§ **Exercise**: The records that follow should be retyped word for word.

• • •

Lemma a_invol x : a (a x) = x.
Proof. destruct HM as (_ & H & _). apply H. Qed.
Lemma b_cyc x y z : cyc x y z -> cyc (b x) (b y) (b z).
Proof. destruct HM as (_ & _ & _ & (_ & _ & H) & _). apply H. Qed.
Lemma b_order3 x : b (b (b x)) = x.
Proof. destruct HM as (_ & _ & _ & _ & H & _). apply H. Qed.
Lemma b_binv x : b (binv x) = x.
Proof. destruct HM as (_ & _ & _ & _ & _ & _ & H & _). apply H. Qed.
Lemma binv_b x : binv (b x) = x.
Proof. destruct HM as (_ & _ & _ & _ & _ & _ & H & _). apply H. Qed.
Lemma k_pos : (0 < k)%nat.
Proof. destruct HM as (_ & _ & _ & _ & _ & _ & _ & H & _). exact H. Qed.
Lemma comp_nondeg t i : (i < k)%nat -> fst (comp t i) <> snd (comp t i).
Proof. destruct HM as (_ & _ & _ & _ & _ & _ & _ & _ & H & _). apply H. Qed.
Lemma comp_disjoint t i t' j z : (i < k)%nat -> (j < k)%nat -> (t <> t' \/ i <> j) ->
  closed_arc (comp t i) z -> ~ closed_arc (comp t' j) z.
Proof.
  destruct HM as (_ & _ & _ & _ & _ & _ & _ & _ & _ & H & _).
  intros Hi Hj Hne. exact (H t i t' j Hi Hj Hne z).
Qed.
Lemma no_consec_same_kind t i j : ~ consec k comp t i t j.
Proof. destruct HM as (_ & _ & _ & _ & _ & _ & _ & _ & _ & _ & H & _). apply H. Qed.
Lemma a_A_BB : seteq (img a A) BB.
Proof. destruct HM as (_ & _ & _ & _ & _ & _ & _ & _ & _ & _ & _ & H & _). exact H. Qed.
Lemma b_A_Kb : seteq (img b A) (inK k comp Kb).
Proof. destruct HM as (_ & _ & _ & _ & _ & _ & _ & _ & _ & _ & _ & _ & H & _). exact H. Qed.
Lemma b_Kb_Kbi : seteq (img b (inK k comp Kb)) (inK k comp Kbi).
Proof. destruct HM as (_ & _ & _ & _ & _ & _ & _ & _ & _ & _ & _ & _ & _ & H & _). exact H. Qed.
Lemma principal_b_xor_binv P : principal_gap P ->
  (maps_to_principal k comp b P /\ ~ maps_to_principal k comp binv P) \/
  (~ maps_to_principal k comp b P /\ maps_to_principal k comp binv P).
Proof.
  destruct HM as (_ & _ & _ & _ & _ & _ & _ & _ & _ & _ & _ & _ & _ & _ & _ & H & _). apply H.
Qed.

Lemma b_b x : b (b x) = binv x.
Proof. rewrite <- (b_order3 (binv x)), b_binv. reflexivity. Qed.

Lemma binv_binv x : binv (binv x) = b x.
Proof. rewrite <- (b_b (binv x)), b_binv. reflexivity. Qed.

Definition bsgn (s : bool) : S1 -> S1 := if s then b else binv.

Lemma bsgn_comp s t x : bsgn s (bsgn t x) = if eqb s t then bsgn (negb t) x else x.
Proof. destruct s, t; simpl; auto using b_b, b_binv, binv_b, binv_binv. Qed.

Lemma bsgnK s x : bsgn (negb s) (bsgn s x) = x.
Proof. rewrite bsgn_comp. destruct s; reflexivity. Qed.

Lemma bsgn_cyc s x y z : cyc x y z -> cyc (bsgn s x) (bsgn s y) (bsgn s z).
Proof.
  destruct s; simpl; intro H; [apply b_cyc, H|].
  rewrite <- !b_b. apply b_cyc, b_cyc, H.
Qed.

Lemma X_b x : X x -> X (b x).
Proof.
  intros [[] Hx].
  - exists Kb. apply b_A_Kb. exists x. auto.
  - exists Kbi. apply b_Kb_Kbi. exists x. auto.
  - exists Ka. apply b_Kb_Kbi in Hx. destruct Hx as [y [Hy <-]].
    apply b_A_Kb in Hy. destruct Hy as [w [Hw <-]]. rewrite b_order3. exact Hw.
Qed.

Lemma X_bsgn s x : X (bsgn s x) <-> X x.
Proof.
  assert (Hb : forall s x, X x -> X (bsgn s x)).
  { intros [] y Hy; simpl; [|rewrite <- b_b]; auto using X_b. }
  split; [|apply Hb]. intros H. rewrite <- (bsgnK s x). apply Hb, H.
Qed.

Lemma bsgn_A_BB s x : A x -> BB (bsgn s x).
Proof.
  intros Hx. destruct s; simpl.
  - left. apply b_A_Kb. exists x. auto.
  - right; left. rewrite <- b_b. apply b_Kb_Kbi. exists (b x). split; auto.
    apply b_A_Kb. exists x. auto.
Qed.

Lemma a_BB_A x : BB x -> A (a x).
Proof. intros Hx. apply a_A_BB in Hx. destruct Hx as [y [Hy <-]]. rewrite a_invol. exact Hy. Qed.

Lemma kind_eq_dec (t t' : kind) : {t = t'} + {t <> t'}.
Proof. decide equality. Qed.

Lemma comp_unique t i t' j z : (i < k)%nat -> (j < k)%nat ->
  closed_arc (comp t i) z -> closed_arc (comp t' j) z -> t = t' /\ i = j.
Proof.
  intros Hi Hj Hz Hz'.
  destruct (kind_eq_dec t t'), (Nat.eq_dec i j); auto;
  exfalso; refine (comp_disjoint t i t' j z Hi Hj _ Hz Hz'); tauto.
Qed.

Lemma consec_gap t i t' j : consec k comp t i t' j ->
  gap_in X (gap_of comp t i t' j) /\ snd (comp t i) <> fst (comp t' j).
Proof.
  intros (Hi & Hj & Hne & Hfree). repeat split.
  - exists t, i. split; [exact Hi|]. right; left. reflexivity.
  - exists t', j. split; [exact Hj|]. left. reflexivity.
  - exact Hfree.
  - intros E. destruct (comp_unique t i t' j (snd (comp t i)) Hi Hj) as [E1 E2].
    + right; left. reflexivity.
    + rewrite E. left. reflexivity.
    + destruct Hne; contradiction.
Qed.

Lemma principal_gap_in P : principal_gap P -> gap_in X P /\ fst P <> snd P.
Proof. intros (t & i & t' & j & Hc & -> & _). exact (consec_gap t i t' j Hc). Qed.

Lemma complementary_gap_in P : complementary_gap P -> gap_in X P.
Proof. intros (t & i & t' & j & Hc & -> & _). exact (proj1 (consec_gap t i t' j Hc)). Qed.

Lemma principal_not_complementary P : principal_gap P -> ~ complementary_gap P.
Proof.
  intros (t & i & t' & j & (Hi & Hj & _) & -> & Hkind) (u & l & u' & m & (Hl & Hm & _) & E & Hkind').
  unfold gap_of in E. injection E as E1 E2.
  destruct (comp_unique t i u l (snd (comp t i)) Hi Hl) as [-> _].
  { right; left. reflexivity. }
  { rewrite E1. right; left. reflexivity. }
  destruct (comp_unique t' j u' m (fst (comp t' j)) Hj Hm) as [-> _].
  { left. reflexivity. }
  { rewrite E2. left. reflexivity. }
  unfold is_b_kind in Hkind. intuition congruence.
Qed.

Lemma A_BB_disjoint x : A x -> ~ BB x.
Proof.
  intros (i & Hi & Hx) [(j & Hj & Hy)|[(j & Hj & Hy)|(P & HP & Hz)]].
  - destruct (comp_unique Ka i Kb j x Hi Hj Hx Hy). discriminate.
  - destruct (comp_unique Ka i Kbi j x Hi Hj Hx Hy). discriminate.
  - apply (complementary_gap_in P HP) in Hz. apply Hz. exists Ka, i. auto.
Qed.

• • •

§ **Result of the exercise**:
Lemma a_invol x : a (a x) = x.
Proof. destruct HM as (_ & H & _). apply H. Qed.
Lemma b_cyc x y z : cyc x y z -> cyc (b x) (b y) (b z).
Proof. destruct HM as (_ & _ & _ & (_ & _ & H) & _). apply H. Qed.
Lemma b_order3 x : b (b (b x)) = x.
Proof. destruct HM as (_ & _ & _ & _ & H & _). apply H. Qed.
Lemma b_binv x : b (binv x) = x.
Proof. destruct HM as (_ & _ & _ & _ & _ & _ & H & _). apply H. Qed.
Lemma binv_b x : binv (b x) = x.
Proof. destruct HM as (_ & _ & _ & _ & _ & _ & H & _). apply H. Qed.
Lemma k_pos : (0 < k)%nat.
Proof. destruct HM as (_ & _ & _ & _ & _ & _ & _ & H & _). exact H. Qed.
Lemma comp_nondeg t i : (i < k)%nat -> fst (comp t i) <> snd (comp t i).
Proof. destruct HM as (_ & _ & _ & _ & _ & _ & _ & _ & H & _). apply H. Qed.
Lemma comp_disjoint t i t' j z : (i < k)%nat -> (j < k)%nat -> (t <> t' \/ i <> j) ->
  closed_arc (comp t i) z -> ~ closed_arc (comp t' j) z.
Proof.
  destruct HM as (_ & _ & _ & _ & _ & _ & _ & _ & _ & H & _).
  intros Hi Hj Hne. exact (H t i t' j Hi Hj Hne z).
Qed.
Lemma no_consec_same_kind t i j : ~ consec k comp t i t j.
Proof. destruct HM as (_ & _ & _ & _ & _ & _ & _ & _ & _ & _ & H & _). apply H. Qed.
Lemma a_A_BB : seteq (img a A) BB.
Proof. destruct HM as (_ & _ & _ & _ & _ & _ & _ & _ & _ & _ & _ & H & _). exact H. Qed.
Lemma b_A_Kb : seteq (img b A) (inK k comp Kb).
Proof. destruct HM as (_ & _ & _ & _ & _ & _ & _ & _ & _ & _ & _ & _ & H & _). exact H. Qed.
Lemma b_Kb_Kbi : seteq (img b (inK k comp Kb)) (inK k comp Kbi).
Proof. destruct HM as (_ & _ & _ & _ & _ & _ & _ & _ & _ & _ & _ & _ & _ & H & _). exact H. Qed.
Lemma principal_b_xor_binv P : principal_gap P ->
  (maps_to_principal k comp b P /\ ~ maps_to_principal k comp binv P) \/
  (~ maps_to_principal k comp b P /\ maps_to_principal k comp binv P).
Proof.
  destruct HM as (_ & _ & _ & _ & _ & _ & _ & _ & _ & _ & _ & _ & _ & _ & _ & H & _). apply H.
Qed.

Lemma b_b x : b (b x) = binv x.
Proof. rewrite <- (b_order3 (binv x)), b_binv. reflexivity. Qed.

Lemma binv_binv x : binv (binv x) = b x.
Proof. rewrite <- (b_b (binv x)), b_binv. reflexivity. Qed.

Definition bsgn (s : bool) : S1 -> S1 := if s then b else binv.

Lemma bsgn_comp s t x : bsgn s (bsgn t x) = if eqb s t then bsgn (negb t) x else x.
Proof. destruct s, t; simpl; auto using b_b, b_binv, binv_b, binv_binv. Qed.

Lemma bsgnK s x : bsgn (negb s) (bsgn s x) = x.
Proof. rewrite bsgn_comp. destruct s; reflexivity. Qed.

Lemma bsgn_cyc s x y z : cyc x y z -> cyc (bsgn s x) (bsgn s y) (bsgn s z).
Proof.
  destruct s; simpl; intro H; [apply b_cyc, H|].
  rewrite <- !b_b. apply b_cyc, b_cyc, H.
Qed.

Lemma X_b x : X x -> X (b x).
Proof.
  intros [[] Hx].
  - exists Kb. apply b_A_Kb. exists x. auto.
  - exists Kbi. apply b_Kb_Kbi. exists x. auto.
  - exists Ka. apply b_Kb_Kbi in Hx. destruct Hx as [y [Hy <-]].
    apply b_A_Kb in Hy. destruct Hy as [w [Hw <-]]. rewrite b_order3. exact Hw.
Qed.

Lemma X_bsgn s x : X (bsgn s x) <-> X x.
Proof.
  assert (Hb : forall s x, X x -> X (bsgn s x)).
  { intros [] y Hy; simpl; [|rewrite <- b_b]; auto using X_b. }
  split; [|apply Hb]. intros H. rewrite <- (bsgnK s x). apply Hb, H.
Qed.

Lemma bsgn_A_BB s x : A x -> BB (bsgn s x).
Proof.
  intros Hx. destruct s; simpl.
  - left. apply b_A_Kb. exists x. auto.
  - right; left. rewrite <- b_b. apply b_Kb_Kbi. exists (b x). split; auto.
    apply b_A_Kb. exists x. auto.
Qed.

Lemma a_BB_A x : BB x -> A (a x).
Proof. intros Hx. apply a_A_BB in Hx. destruct Hx as [y [Hy <-]]. rewrite a_invol. exact Hy. Qed.

Lemma kind_eq_dec (t t' : kind) : {t = t'} + {t <> t'}.
Proof. decide equality. Qed.

Lemma comp_unique t i t' j z : (i < k)%nat -> (j < k)%nat ->
  closed_arc (comp t i) z -> closed_arc (comp t' j) z -> t = t' /\ i = j.
Proof.
  intros Hi Hj Hz Hz'.
  destruct (kind_eq_dec t t'), (Nat.eq_dec i j); auto;
  exfalso; refine (comp_disjoint t i t' j z Hi Hj _ Hz Hz'); tauto.
Qed.

Lemma consec_gap t i t' j : consec k comp t i t' j ->
  gap_in X (gap_of comp t i t' j) /\ snd (comp t i) <> fst (comp t' j).
Proof.
  intros (Hi & Hj & Hne & Hfree). repeat split.
  - exists t, i. split; [exact Hi|]. right; left. reflexivity.
  - exists t', j. split; [exact Hj|]. left. reflexivity.
  - exact Hfree.
  - intros E. destruct (comp_unique t i t' j (snd (comp t i)) Hi Hj) as [E1 E2].
    + right; left. reflexivity.
    + rewrite E. left. reflexivity.
    + destruct Hne; contradiction.
Qed.

Lemma principal_gap_in P : principal_gap P -> gap_in X P /\ fst P <> snd P.
Proof. intros (t & i & t' & j & Hc & -> & _). exact (consec_gap t i t' j Hc). Qed.

Lemma complementary_gap_in P : complementary_gap P -> gap_in X P.
Proof. intros (t & i & t' & j & Hc & -> & _). exact (proj1 (consec_gap t i t' j Hc)). Qed.

Lemma principal_not_complementary P : principal_gap P -> ~ complementary_gap P.
Proof.
  intros (t & i & t' & j & (Hi & Hj & _) & -> & Hkind) (u & l & u' & m & (Hl & Hm & _) & E & Hkind').
  unfold gap_of in E. injection E as E1 E2.
  destruct (comp_unique t i u l (snd (comp t i)) Hi Hl) as [-> _].
  { right; left. reflexivity. }
  { rewrite E1. right; left. reflexivity. }
  destruct (comp_unique t' j u' m (fst (comp t' j)) Hj Hm) as [-> _].
  { left. reflexivity. }
  { rewrite E2. left. reflexivity. }
  unfold is_b_kind in Hkind. intuition congruence.
Qed.

Lemma A_BB_disjoint x : A x -> ~ BB x.
Proof.
  intros (i & Hi & Hx) [(j & Hj & Hy)|[(j & Hj & Hy)|(P & HP & Hz)]].
  - destruct (comp_unique Ka i Kb j x Hi Hj Hx Hy). discriminate.
  - destruct (comp_unique Ka i Kbi j x Hi Hj Hx Hy). discriminate.
  - apply (complementary_gap_in P HP) in Hz. apply Hz. exists Ka, i. auto.
Qed.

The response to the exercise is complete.